Problem to work on
Repeat the whole listing exactly.
++++++++++++++++++++
(* Let $a\in(-\infty,1)$ and $\omega\in\mathbb D_a$. Then for every $x>0$, $$\frac{\eta_a}{\pi}\le r(\omega)\le\min\left\{\frac{2(x+1)}{\pi x}(1-\omega(x))^{1/2},\ \frac2\pi\right\}.$$
   Context: Let $\rho(x)=(1+|x|)^{-1/2}$ and $\eta_a=\frac{1}{2^{9/2}(4+|a|)^3}$. $\mathbb D_a$ is the set of continuous even functions $\omega$ on $\mathbb R$ with $\|\rho\omega\|_{L^\infty}<\infty$ such that $\omega(0)=1$; $(1-x^2)_+\le\omega(x)\le1$ for all $x$; $\omega$ is non-increasing on $[0,\infty)$; $s\mapsto\omega(\sqrt s)$ is convex on $[0,\infty)$; and the left derivative satisfies $\omega'_-(1/2)\le-\eta_a$. $r(\omega)=\frac1\pi\int_0^\infty\frac{\omega(0)-\omega(y)}{y^2}\,dy$. *)

From Stdlib Require Import Reals Lra.
From Coquelicot Require Import Coquelicot.
Open Scope R_scope.

Definition rho (x : R) : R := / sqrt (1 + Rabs x).

Definition eta (a : R) : R := / (Rpower 2 (9/2) * (4 + Rabs a) ^ 3).

Definition in_D (a : R) (w : R -> R) : Prop :=
  (forall x, continuity_pt w x) /\
  (forall x, w (- x) = w x) /\
  (exists M, forall x, Rabs (rho x * w x) <= M) /\
  w 0 = 1 /\
  (forall x, Rmax 0 (1 - x ^ 2) <= w x /\ w x <= 1) /\
  (forall x y, 0 <= x -> x <= y -> w y <= w x) /\
  (forall s t l, 0 <= s -> 0 <= t -> 0 <= l <= 1 ->
     w (sqrt (l * s + (1 - l) * t)) <= l * w (sqrt s) + (1 - l) * w (sqrt t)) /\
  (exists L, filterlim (fun h => (w (/2) - w (/2 - h)) / h) (at_right 0) (locally L)
             /\ L <= - eta a).

Definition r (w : R -> R) : R :=
  / PI * RInt_gen (fun y => (w 0 - w y) / y ^ 2) (at_point 0) (Rbar_locally p_infty).

From Stdlib Require Import Reals Lra Classical_Prop.
From Coquelicot Require Import Coquelicot.
Open Scope R_scope.

(* The integrand f y = (w 0 - w y) / y^2 of r(w) is the chord slope of the
   convex function s |-> w (sqrt s) between 0 and y^2 (up to sign), hence it is
   nonincreasing, while y^2 f y = w 0 - w y is nondecreasing; also
   0 <= f <= min (1, 1/y^2).  Lower bound: convexity bounds f at 1/2 from below
   by minus the left derivative of w at 1/2, which is at least eta_a, and
   f >= f(1/2) on (0, 1/2], f y >= f(1/2) / (4 y^2) beyond, so the integral is
   at least f(1/2).  Upper bound: with d = 1 - w x and t = sqrt d, bound f by 1
   on (0, t), by d / y^2 on (t, x), by f x = d / x^2 on (x, x/t) and by 1/y^2
   beyond; the integral of 1 and 1/y^2 around 1 gives the bound 2. *)

Lemma ball_Rabs (x e y : R) : ball x e y <-> Rabs (y - x) < e.
Proof. reflexivity. Qed.

Lemma is_RInt_inv_sqr (c a b : R) : 0 < a -> a <= b ->
  is_RInt (fun y => c / y ^ 2) a b (c / a - c / b).
Proof.
  intros ha hab.
  replace (c / a - c / b) with (minus ((fun y => - c / y) b) ((fun y => - c / y) a))
    by (unfold minus, plus, opp; simpl; field; lra).
  apply (is_RInt_derive (V := R_CompleteNormedModule)).
  - intros y hy. rewrite Rmin_left, Rmax_right in hy by lra.
    auto_derive; [lra | field; lra].
  - intros y hy. rewrite Rmin_left, Rmax_right in hy by lra.
    apply continuity_pt_filterlim, continuity_pt_div.
    + apply continuity_pt_const. intros ? ?; reflexivity.
    + apply derivable_continuous_pt, derivable_pt_pow.
    + apply pow_nonzero; lra.
Qed.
++++++++++++++++++++
Answer below
(* Let $a\in(-\infty,1)$ and $\omega\in\mathbb D_a$. Then for every $x>0$, $$\frac{\eta_a}{\pi}\le r(\omega)\le\min\left\{\frac{2(x+1)}{\pi x}(1-\omega(x))^{1/2},\ \frac2\pi\right\}.$$
   Context: Let $\rho(x)=(1+|x|)^{-1/2}$ and $\eta_a=\frac{1}{2^{9/2}(4+|a|)^3}$. $\mathbb D_a$ is the set of continuous even functions $\omega$ on $\mathbb R$ with $\|\rho\omega\|_{L^\infty}<\infty$ such that $\omega(0)=1$; $(1-x^2)_+\le\omega(x)\le1$ for all $x$; $\omega$ is non-increasing on $[0,\infty)$; $s\mapsto\omega(\sqrt s)$ is convex on $[0,\infty)$; and the left derivative satisfies $\omega'_-(1/2)\le-\eta_a$. $r(\omega)=\frac1\pi\int_0^\infty\frac{\omega(0)-\omega(y)}{y^2}\,dy$. *)

From Stdlib Require Import Reals Lra.
From Coquelicot Require Import Coquelicot.
Open Scope R_scope.

Definition rho (x : R) : R := / sqrt (1 + Rabs x).

Definition eta (a : R) : R := / (Rpower 2 (9/2) * (4 + Rabs a) ^ 3).

Definition in_D (a : R) (w : R -> R) : Prop :=
  (forall x, continuity_pt w x) /\
  (forall x, w (- x) = w x) /\
  (exists M, forall x, Rabs (rho x * w x) <= M) /\
  w 0 = 1 /\
  (forall x, Rmax 0 (1 - x ^ 2) <= w x /\ w x <= 1) /\
  (forall x y, 0 <= x -> x <= y -> w y <= w x) /\
  (forall s t l, 0 <= s -> 0 <= t -> 0 <= l <= 1 ->
     w (sqrt (l * s + (1 - l) * t)) <= l * w (sqrt s) + (1 - l) * w (sqrt t)) /\
  (exists L, filterlim (fun h => (w (/2) - w (/2 - h)) / h) (at_right 0) (locally L)
             /\ L <= - eta a).

Definition r (w : R -> R) : R :=
  / PI * RInt_gen (fun y => (w 0 - w y) / y ^ 2) (at_point 0) (Rbar_locally p_infty).

From Stdlib Require Import Reals Lra Classical_Prop.
From Coquelicot Require Import Coquelicot.
Open Scope R_scope.

(* The integrand f y = (w 0 - w y) / y^2 of r(w) is the chord slope of the
   convex function s |-> w (sqrt s) between 0 and y^2 (up to sign), hence it is
   nonincreasing, while y^2 f y = w 0 - w y is nondecreasing; also
   0 <= f <= min (1, 1/y^2).  Lower bound: convexity bounds f at 1/2 from below
   by minus the left derivative of w at 1/2, which is at least eta_a, and
   f >= f(1/2) on (0, 1/2], f y >= f(1/2) / (4 y^2) beyond, so the integral is
   at least f(1/2).  Upper bound: with d = 1 - w x and t = sqrt d, bound f by 1
   on (0, t), by d / y^2 on (t, x), by f x = d / x^2 on (x, x/t) and by 1/y^2
   beyond; the integral of 1 and 1/y^2 around 1 gives the bound 2. *)

Lemma ball_Rabs (x e y : R) : ball x e y <-> Rabs (y - x) < e.
Proof. reflexivity. Qed.

Lemma is_RInt_inv_sqr (c a b : R) : 0 < a -> a <= b ->
  is_RInt (fun y => c / y ^ 2) a b (c / a - c / b).
Proof.
  intros ha hab.
  replace (c / a - c / b) with (minus ((fun y => - c / y) b) ((fun y => - c / y) a))
    by (unfold minus, plus, opp; simpl; field; lra).
  apply (is_RInt_derive (V := R_CompleteNormedModule)).
  - intros y hy. rewrite Rmin_left, Rmax_right in hy by lra.
    auto_derive; [lra | field; lra].
  - intros y hy. rewrite Rmin_left, Rmax_right in hy by lra.
    apply continuity_pt_filterlim, continuity_pt_div.
    + apply continuity_pt_const. intros ? ?; reflexivity.
    + apply derivable_continuous_pt, derivable_pt_pow.
    + apply pow_nonzero; lra.
Qed.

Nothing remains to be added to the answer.